嫌味の様に聞こえるかもしれないが、少しだけ自重する様にと言外に意味を含ませている為間違ってはいない。
「で、どう?フレデリカちゃんなら私達よりも奥の索敵と感知出来てるでしょ?」
「……ですです。この森、やっぱり空間が歪んでますね。見た目以上に広いです。それとやっぱり遺跡と同じ様にモンスターがスポーンしてます。ただ」
「ただ?」
「階層って言って良いのか、それとも中心部に近付く程に性質が濃くなるのか。それとも何かが近くに居るからその所為なのかは分かりませんが、ここからじゃ私の植物への干渉が通りません。この辺でもたまに干渉が通らない樹があるんですけど……あ、丁度アレですアレ。干渉できない樹」
彼女が示した方向を近くのリットンと共に見てみれば。
そこに在ったのは、普通の木。リアルで見た事ある木の中では……恐らくクヌギが一番近いだろうか。

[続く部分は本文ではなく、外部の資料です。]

Lemma deficient_nonadjacent m :
  simple_graph e -> 5 <= #|T| -> three_connected e -> near_regular m ->
  3 <= #|deficient m| ->
  exists x y, [/\ x \in deficient m, y \in deficient m, x != y & m x y = 0].
Proof.
move=> [esym _] cardT e3 mreg cardD; set D := deficient m.
case: (boolP [exists x, exists y, [&& x \in D, y \in D, x != y & m x y == 0]]).
  by case/existsP=> x /existsP[y /and4P[xD yD xy /eqP mxy]]; exists x, y.
move/existsPn=> noedge; exfalso.
have clique x y : x \in D -> y \in D -> x != y -> 0 < m x y.
  move=> xD yD xy; have /existsPn/(_ y) := noedge x.
  by rewrite xD yD xy lt0n.
have [a aD] : exists a, a \in D by apply/card_gt0P; exact: leq_trans _ cardD.
have D4 : #|D| = 4.
  have : #|D :\ a| <= 3.
    exact: leq_trans (subset_leq_card (subsetUl _ _)) (deficient_clique_card mreg aD clique).
  have : #|D| != 3 by apply: contraNneq (near_regular_deficient_even mreg) => ->.
  by rewrite (cardsD1 a D) aD in cardD *; lia.
have closedD : closed e D.
  suff fwd b z : e b z -> b \in D -> z \in D.
    by move=> b z ebz; apply/idP/idP; apply: fwd; rewrite // esym.
  move=> ebz bD; apply: contraT => zD.
  have four : #|z |: (D :\ b)| = 4.
    by rewrite cardsU1 in_setD1 (negbTE zD) andbF (cardsD1 b D) bD in D4 *; lia.
  have sub : z |: (D :\ b) \subset (D :\ b) :|: [set z | e b z].
    by rewrite subUset subsetUl sub1set !inE ebz orbT.
  have := leq_trans (subset_leq_card sub) (deficient_clique_card mreg bD clique).
  by rewrite four.
have [y yD] : exists y, y \notin D by apply: exists_notin; lia.
by rewrite -(closed_connect closedD (three_connected_connect e3 a y)) aD in yD.
Qed.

何の変哲もない、ただの木にしか見えない。そう、普通に見た限りでは。だが、私の眼には……少し違ったように見えている。
……あの木、周りと違って魂が濃い。
そう、見た目ではなく内側。魂が周囲の木々と違って濃いのだ。
それこそ……散々私達を襲ってきているモンスター達の様に。
「……」
私は2人を近づかない様にと手だけで制止して、その木へとゆっくりと近付いていく。
そして、
「イタダキマス」
「――ッ」
その樹皮に口付けするように歯を立てたのだった。